The poor state of the economy – especially in the so-called “rim counties” of western, northern and far eastern Maine – means there are fewer workers with employer-sponsored health insurance. This is happening at the same time many surgical services are being concentrated at larger hospitals, reducing inpatient use and revenues.

“As mills close and large employers leave, one of the things they take with them is commercial insurance coverage for the local population,” says Austin of the Maine Hospital Association. “What’s left is Medicare, Medicaid and the uninsured, and it’s very difficult to survive with that payer mix.”

“Where is the sense of outrage? We are losing hundreds of people to opioids. It’s infuriating,” says Gordon Smith, executive vice president of the Maine Medical Association.

Gordon Smith, executive vice president of the Maine Medical Association. Derek Davis/Staff Photo

Gordon Smith, executive vice president of the Maine Medical Association, which represents the state’s physicians, says for these reasons a repeal of the ACA without a comparable replacement would be “as devastating to Maine as any other single state.” And he’s not optimistic about the outcome in Washington, D.C., under Trump’s nominee for Health and Human Services secretary, Tom Price, a longstanding critic of Obamacare.

“Nobody thinks Secretary Price and others are going to have a system that’s highly dependent on public sources (of funding). They’re talking high-risk pools and health savings accounts,” he says. “People will have ‘universal access’ to health insurance, but they’ve always had that, if they could pay for it.”


Andrew Coburn, a nationally recognized expert on rural health at the University of Southern Maine, agrees the road ahead will likely be difficult for Maine hospitals. “If you take what has been proposed before on the Republican side, you have to assume that replacement plans offered will be less generous, with fewer subsidies, higher deductibles and more co-insurance,” he says. “The impact on hospitals will be more and more, these out-of-pocket costs will have to be borne by the hospitals as bad debt or charity care.”


The Maine Hospital Association, the Maine Medical Association and MaineHealth all say they have been closely engaging Maine’s four-person congressional delegation, imploring them to ensure that if the ACA is repealed it is replaced with something that provides comparable insurance to the 80,000 Mainers currently covered.

Maine’s U.S. senators split on a vote Jan. 12 that cleared the way for the ACA to be repealed with a simple majority rather than a filibuster-proof one, which would have potentially allowed the Senate’s minority Democrats to block the effort. Sen. Collins voted for the measure, independent Sen.
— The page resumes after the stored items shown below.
Lemma odd_part_lt_barrier x : Rabs (odd_part x s1) < Phi s1.
Proof.
  pose proof PI_RGT_0.
  destruct (box_first_touch _ _ _ _ _ _ _ odd_gap_continuous)
    as [Hall | (xs & ys & ts & (Hxs & _ & Hts) & Htouch & HF0 & Hat & Hbefore)].
  - intros x0 y0 _. rewrite Hstart. pose proof (Phi_ge t0 (Rle_refl _)). nra.
  - destruct (periodic_reduce _ (odd_part_periodic s1 ltac:(lra)) x) as [x' [Hx' ->]].
    specialize (Hall x' 0 s1 ltac:(repeat split; lra)). pose proof (Phi_ge s1 Ht0s1).
    rewrite <- (Rabs_pos_eq (Phi s1)) by lra. apply Rsqr_lt_abs_0. unfold Rsqr. lra.
  - exfalso. apply (odd_part_touch_absurd xs ts); [lra | | lra |].
    + intros z. destruct (periodic_reduce _ (odd_part_periodic ts ltac:(lra)) z) as [z' [Hz' ->]].
      specialize (Hat z' 0 ltac:(repeat split; lra)). lra.
    + intros t Ht. specialize (Hbefore t Ht). lra.
Qed.

End Comparison.

(* Letting [eps -> 0] gives [|odd_part| <= (4 P / L) del exp (B (s1 - t0))]
   with [L = Ka_log a del]; over a step of length [PI / (4 g P)] the growth
   factor is at most [exp (L / 4) ~ (a / del) ^ (1 / 2)], so the bound still
   tends to [0] with [del]. *)
Lemma odd_part_step t0 s1 :
  0 <= t0 <= s1 -> s1 <= t1 -> s1 - t0 <= PI / (4 * g * P) ->
  (forall x, odd_part x t0 = 0) -> forall x, odd_part x s1 = 0.
Proof.
  intros Ht0 Hs1 Hstep Hstart x. pose proof PI_RGT_0.
  assert (Hln2 : 0 < ln 2) by (rewrite <- ln_1; apply ln_increasing; lra).
  apply Rabs_eq_0, Rle_antisym; [|apply Rabs_pos].
  apply (le0_of_le_del_exp_Ka_log a (4 * P / ln 2)); [exact Ha | apply Rdiv_le_0_compat; lra|].
  intros del Hdel _ Hda.
  pose proof (Ka_log_pos a del Ha Hdel) as HL.
  assert (HL2 : ln 2 <= Ka_log a del).
  { unfold Ka_log. apply ln_le; [lra|].
    assert (1 <= a ^ 2 / del ^ 2) by (apply Rcomplements.Rle_div_r; nra). lra. }
  pose proof (odd_rate_pos del Hdel) as HB.
  pose proof (le_of_lt_barrier _ _ t0 s1 (Rabs (odd_part x s1)) (odd_source_nonneg del ltac:(lra))
                HB ltac:(lra) (fun eps Heps => odd_part_lt_barrier t0 s1 del eps
                   ltac:(lra) ltac:(lra) ltac:(lra) Hstart Hdel Heps x)) as Hlim.
  assert (Hratio : odd_source del / odd_rate del = 4 * P / Ka_log a del * del).
  { unfold odd_source, odd_rate. field. repeat split; lra. }
  assert (Hgrowth : exp (odd_rate del * (s1 - t0)) <= exp (Ka_log a del / 4)).
  { apply exp_le. apply Rle_trans with (odd_rate del * (PI / (4 * g * P))).
    - apply Rmult_le_compat_l; lra.
    - right. unfold odd_rate. field. lra. }
  rewrite Hratio in Hlim. apply (Rle_trans _ _ _ Hlim).
  rewrite <- Rmult_assoc. apply Rmult_le_compat; [| apply Rlt_le, exp_pos | | exact Hgrowth].
  - apply Rmult_le_pos; [apply Rdiv_le_0_compat|]; lra.
  - apply Rmult_le_compat_r; [lra|]. unfold Rdiv. apply Rmult_le_compat_l; [lra|].
    apply Rinv_le_contravar; lra.
Qed.

Lemma odd_part_vanishes :
  (forall x, odd_part x 0 = 0) -> forall x s, 0 <= s <= t1 -> odd_part x s = 0.
Proof.
  intros H0. pose proof PI_RGT_0.
  set (tau := PI / (4 * g * P)).
  assert (Htau : 0 < tau) by (unfold tau; apply Rdiv_lt_0_compat; nra).
  assert (Hsteps : forall n : nat, forall s, 0 <= s <= t1 -> s <= INR n * tau ->
            forall x, odd_part x s = 0).
  { induction n as [|n IH]; intros s Hs Hsn.
    - simpl in Hsn. replace s with 0 by lra. exact H0.
    - destruct (Rle_dec s (INR n * tau)) as [Hl | Hl]; [now apply IH|].
      assert (0 <= INR n * tau) by (apply Rmult_le_pos; [apply pos_INR | lra]).
      rewrite S_INR in Hsn.
      apply (odd_part_step (INR n * tau)); [lra | lra | unfold tau in *; lra |].
      apply IH; lra. }
  intros x s Hs. destruct (INR_unbounded (t1 / tau)) as [n Hn].
  apply (Hsteps n s Hs).
  assert (t1 / tau * tau = t1) by (field; lra). nra.
Qed.

End OddPart.

Section EvenSolution.

Hypothesis Heven : forall x s, 0 <= s <= t1 -> rho (- x) s = rho x s.

Lemma fx_origin s : 0 <= s <= t1 -> fx 0 s = 0.
Proof.
  intros Hs. apply (is_derive_reflect_center (fun y => rho y s) 0).
  - intros y. rewrite Rminus_0_l. now apply Heven.
  - replace (0 / 2) with 0 by field. now apply is_derive_rho_x.
Qed.

Lemma fx_PI s : 0 <= s <= t1 -> fx PI s = 0.
Proof.
  intros Hs. apply (is_derive_reflect_center (fun y => rho y s) (2 * PI)).
  - intros y. replace (2 * PI - y) with (- y + 2 * PI) by ring.
    rewrite (rho_periodic s Hs (- y)). now apply Heven.
  - replace (2 * PI / 2) with PI by field. now apply is_derive_rho_x.
Qed.

Lemma rho_origin_const s : 0 <= s <= t1 -> rho 0 s = rho 0 0.
Proof.
  intros Hs. destruct (Rle_lt_or_eq_dec 0 s (proj1 Hs)) as [Hs0 | <-]; [|reflexivity].
  apply (const_of_is_derive_zero_right (fun r => rho 0 r) s); [lra| |].
  - intros r Hr. pose proof (is_derive_rho_t 0 r ltac:(lra)) as Hd.
    now rewrite (ft_eq0_of_fx_eq0 0 r ltac:(lra) (fx_origin r ltac:(lra))) in Hd.
  - intros e He.
    destruct (box_continuous_cont2 0 0 0 0 0 t1 T rho (fun _ _ _ => 0) Hcont (Rle_refl 0) Ht1
                (box_continuous_const _ _ _ _ _ _ 0) 0 0 0 ltac:(repeat split; lra) e He)
      as [d [Hd Hnear]].
    exists (Rmin d t1). split; [apply Rmin_glb_lt; lra|].
    intros r Hr. pose proof (Rmin_l d t1). pose proof (Rmin_r d t1).
    apply (Hnear 0 0 r); [repeat split; lra | | | rewrite Rminus_0_r, Rabs_pos_eq; lra];
      rewrite Rminus_diag, Rabs_R0; lra.
Qed.

(* [eps * (1 + s)] makes the gap strictly increasing in time wherever the
   transport equation freezes [rho], which is what a first touch would force. *)
Definition ray_gap (eps u y s : R) : R := rho y s - rho (y * u) s + eps * (1 + s).

Lemma ray_gap_continuous eps : box_continuous 0 1 0 PI 0 t1 (ray_gap eps).
Proof.
  apply box_continuous_plus; [apply box_continuous_minus|].
  - apply (box_continuous_cont2 _ _ _ _ _ _ T rho (fun _ y _ => y));
      [exact Hcont | lra | exact Ht1 | apply box_continuous_y].
  - apply (box_continuous_cont2 _ _ _ _ _ _ T rho (fun u y _ => y * u));
      [exact Hcont | lra | exact Ht1 |].
    apply box_continuous_mult; [apply box_continuous_y | apply box_continuous_x].
  - apply box_continuous_mult; [apply box_continuous_const|].
    apply box_continuous_plus; [apply box_continuous_const | apply box_continuous_t].
Qed.

Section RayTouch.

Variables eps us ys ts : R.
Hypotheses (Heps : 0 < eps) (Hbox : in_box 0 1 0 PI 0 t1 us ys ts) (Hts0 : 0 < ts)
  (Hzero : ray_gap eps us ys ts = 0)
  (Hat : forall u y, in_box 0 1 0 PI 0 t1 u y ts -> 0 <= ray_gap eps u y ts).

Lemma ray_touch_interior : 0 < ys /\ us < 1.
Proof.
  unfold ray_gap in Hzero. destruct Hbox as (Hus & Hys & Hts).
  assert (Hneg : rho ys ts - rho (ys * us) ts < 0).
  { assert (0 < eps * (1 + ts)) by (apply Rmult_lt_0_compat; lra). lra. }
  split.
  - destruct (Req_dec ys 0) as [E | E]; [|lra]. rewrite E, Rmult_0_l in Hneg. lra.
  - destruct (Req_dec us 1) as [E | E]; [|lra]. rewrite E, Rmult_1_r in Hneg. lra.
Qed.

Lemma ray_touch_fx_inner : fx (ys * us) ts = 0.
Proof.
  destruct Hbox as (Hus & Hys & Hts). destruct ray_touch_interior as [Hys0 Hus1].
  destruct (Req_dec us 0) as [-> | Hus0]; [rewrite Rmult_0_r; apply fx_origin; lra|].
  assert (Hd : is_derive (fun u => ray_gap eps u ys ts) us (- (ys * fx (ys * us) ts))).
  { apply (is_derive_ext_R (fun u => (rho ys ts + eps * (1 + ts)) - rho (ys * u) ts)).
    { intros u. cbv beta. unfold ray_gap. ring. }
    rewrite <- Rminus_0_l. apply (is_derive_Rminus (fun _ => _)).
    - apply (is_derive_const (K := R_AbsRing) (V := R_NormedModule)).
    - apply (is_derive_comp_scal (fun z => rho z ts)), is_derive_rho_x; lra. }
  apply (is_derive_local_min _ _ _ (Rmin us (1 - us))) in Hd.
  - assert (Hz : ys * fx (ys * us) ts = 0) by lra.
    apply Rmult_integral in Hz. destruct Hz; lra.
  - apply Rmin_glb_lt; lra.
  - intros h Hh. pose proof (Rmin_l us (1 - us)). pose proof (Rmin_r us (1 - us)).
    apply Rabs_def2 in Hh. rewrite Hzero. apply Hat. repeat split; lra.
Qed.

Lemma ray_touch_fx_outer : fx ys ts = 0.
Proof.
  destruct Hbox as (Hus & Hys & Hts). destruct ray_touch_interior as [Hys0 Hus1].
  destruct (Req_dec ys PI) as [-> | HyPI]; [apply fx_PI; lra|].
  assert (Hd : is_derive (fun y => ray_gap eps us y ts) ys (fx ys ts - us * fx (ys * us) ts)).
  { apply (is_derive_ext_R (fun y => (rho y ts - rho (us * y) ts) + eps * (1 + ts))).
    { intros y. cbv beta. unfold ray_gap. now rewrite (Rmult_comm us y). }
    rewrite <- (Rplus_0_r (fx ys ts - us * fx (ys * us) ts)).
    apply (is_derive_plus (K := R_AbsRing) (V := R_NormedModule));
      [| apply (is_derive_const (K := R_AbsRing) (V := R_NormedModule))].
    apply is_derive_Rminus; [apply is_derive_rho_x; lra|].
    rewrite (Rmult_comm ys us).
    apply (is_derive_comp_scal (fun z => rho z ts)), is_derive_rho_x; lra. }
  apply (is_derive_local_min _ _ _ (Rmin ys (PI - ys))) in Hd.
  - rewrite ray_touch_fx_inner in Hd. lra.
  - apply Rmin_glb_lt; lra.
  - intros h Hh. pose proof (Rmin_l ys (PI - ys)). pose proof (Rmin_r ys (PI - ys)).
    apply Rabs_def2 in Hh. rewrite Hzero. apply Hat. repeat split; lra.
Qed.

Lemma ray_touch_absurd : (forall t, 0 <= t < ts -> 0 < ray_gap eps us ys t) -> False.
Proof.
  intros Hbefore. destruct Hbox as (_ & _ & Hts).
  assert (Hd : is_derive (fun s => ray_gap eps us ys s) ts
                 (ft ys ts - ft (ys * us) ts + eps * 1)).
  { apply (is_derive_plus (K := R_AbsRing) (V := R_NormedModule)).
    - apply is_derive_Rminus; apply is_derive_rho_t; lra.
    - auto_derive; auto. }
  rewrite (ft_eq0_of_fx_eq0 ys ts ltac:(lra) ray_touch_fx_outer),
    (ft_eq0_of_fx_eq0 (ys * us) ts ltac:(lra) ray_touch_fx_inner) in Hd.
  apply (is_derive_le0_of_left _ _ _ ts) in Hd; [lra | lra |].
  intros h Hh. rewrite Hzero. apply Rlt_le, Hbefore. lra.
Qed.

End RayTouch.

Lemma rho_ray_monotone :
  ray_monotone (fun y => rho y 0) -> forall s, 0 <= s <= t1 -> ray_monotone (fun y => rho y s).
Proof.
  intros H0 s Hs u y Hu Hy. apply Rle_plus_epsilon. intros e He.
  set (eps := e / (1 + t1)).
  assert (Heps : 0 < eps) by (apply Rdiv_lt_0_compat; lra).
  destruct (box_first_touch _ _ _ _ _ _ _ (ray_gap_continuous eps))
    as [Hall | (us & ys & ts & Hbox & Hts & Hzero & Hat & Hbefore)].
  - intros u0 y0 (Hu0 & Hy0 & _). unfold ray_gap. specialize (H0 u0 y0 Hu0 Hy0). lra.
  - specialize (Hall u y s ltac:(repeat split; lra)). unfold ray_gap in Hall.
    assert (eps * (1 + t1) = e) by (unfold eps; field; lra).
    assert (eps * (1 + s) <= eps * (1 + t1)) by (apply Rmult_le_compat_l; lra). lra.
  - exfalso. apply (ray_touch_absurd eps us ys ts); auto.
Qed.

End EvenSolution.

End Transport.

Lemma transport_eq_partials a g T (rho fx ft : R -> R -> R) :
  (forall x s, 0 <= s -> Rbar_lt s T -> is_derive (fun y => rho y s) x (fx x s)) ->
  (forall x s, 0 < s -> Rbar_lt s T -> is_derive (fun r => rho x r) s (ft x s)) ->
  (forall x s, 0 < s -> Rbar_lt s T -> exists h, is_Ha a (fun y => rho y s) x h /\
     Derive (fun r => rho x r) s + g * h * Derive (fun y => rho y s) x = 0) ->
  forall x s, 0 < s -> Rbar_lt s T ->
    exists h, is_Ha a (fun y => rho y s) x h /\ ft x s + g * h * fx x s = 0.
Proof.
  intros Hfx Hft Hpde x s Hs HsT. destruct (Hpde x s Hs HsT) as [h [Hh E]].
  exists h. split; [exact Hh|].
  replace (Derive (fun r => rho x r) s) with (ft x s) in E
    by (symmetry; now apply is_derive_unique, Hft).
  replace (Derive (fun y => rho y s) x) with (fx x s) in E
    by (symmetry; apply is_derive_unique, Hfx; [lra | exact HsT]).
  exact E.
Qed.

Theorem lemma4p2 (a g : R) (T : Rbar) (rho0 : R -> R) (rho : R -> R -> R) :
  0 < a -> 0 < g ->
  smooth1 rho0 -> periodic rho0 ->
  (forall x, rho0 (- x) = rho0 x) ->
  (forall x, 0 <= rho0 x) ->
  rho0 0 = 0 ->
  (forall x, 0 <= x < PI -> 0 <= Derive rho0 x) ->
  smooth2 T rho ->
  (forall t, 0 <= t -> Rbar_lt t T -> periodic (fun x => rho x t)) ->
  (forall x t, 0 < t -> Rbar_lt t T ->
     exists h, is_Ha a (fun y => rho y t) x h /\
       Derive (fun s => rho x s) t + g * h * Derive (fun y => rho y t) x = 0) ->
  (forall x, rho x 0 = rho0 x) ->
  forall t, 0 <= t -> Rbar_lt t T ->
    (forall x, rho (- x) t = rho x t) /\
    (forall x, 0 <= rho x t) /\
    rho 0 t = 0 /\
    (forall x, 0 <= x < PI -> 0 <= Derive (fun y => rho y t) x).
Proof.
  (* nonnegativity of [rho0] follows from the other hypotheses on [rho0] *)
  intros Ha Hg Hs0 Hp0 He0 _ Hz0 Hd0 Hsm Hper Hpde Hinit t Ht HtT.
  destruct (Hsm 1%nat) as [Hc [fx [ft [Hfx [Hft [Hcx _]]]]]].
  pose proof (transport_eq_partials a g T rho fx ft Hfx Hft Hpde) as Hpde'.
  destruct (fx_bounded T rho fx t HtT Hfx Hper Hcx Ht) as [P [HP1 HP]].
  assert (Heven : forall x s, 0 <= s <= t -> rho (- x) s = rho x s).
  { intros x s Hs. enough (odd_part rho x s = 0) by (unfold odd_part in *; lra).
    apply (odd_part_vanishes a g T rho fx ft t Ha Hg HtT Hc Hfx Hft Hper Hpde' P HP1 HP);
      [|exact Hs].
    intros y. unfold odd_part. rewrite !Hinit, He0. ring. }
  assert (Hmono : ray_monotone (fun y => rho y t)).
  { apply (rho_ray_monotone a g T rho fx ft t HtT Hc Hfx Hft Hper Hpde' Heven); [|lra].
    intros u y. rewrite !Hinit. revert u y.
    apply ray_monotone_of_Derive_nonneg; auto. intros z. apply (Hs0 0%nat). }
  assert (Hzero : rho 0 t = 0).
  { rewrite (rho_origin_const a g T rho fx ft t HtT Hc Hfx Hft Hpde' Heven t), Hinit by lra.
    exact Hz0. }
  split; [|split; [|split; [exact Hzero|]]].
  - intros x. apply Heven. lra.
  - apply ray_monotone_nonneg; auto. intros x. apply Heven. lra.
  - intros x Hx. apply (ray_monotone_derive_nonneg _ x _ Hmono Hx).
    apply Derive_correct. exists (fx x t). now apply Hfx.
Qed.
Angus King against.

The text of Collins’ replacement bill – to be introduced Monday by her Republican colleague Bill Cassidy of Louisiana – hasn’t been released but it is modeled on the 2015 Patient Freedom Act, which allowed states to either keep using the ACA or to instead divert their federal subsidies to fund their own state exchange programs or to residents’ health savings accounts. Her office did not respond to an interview request.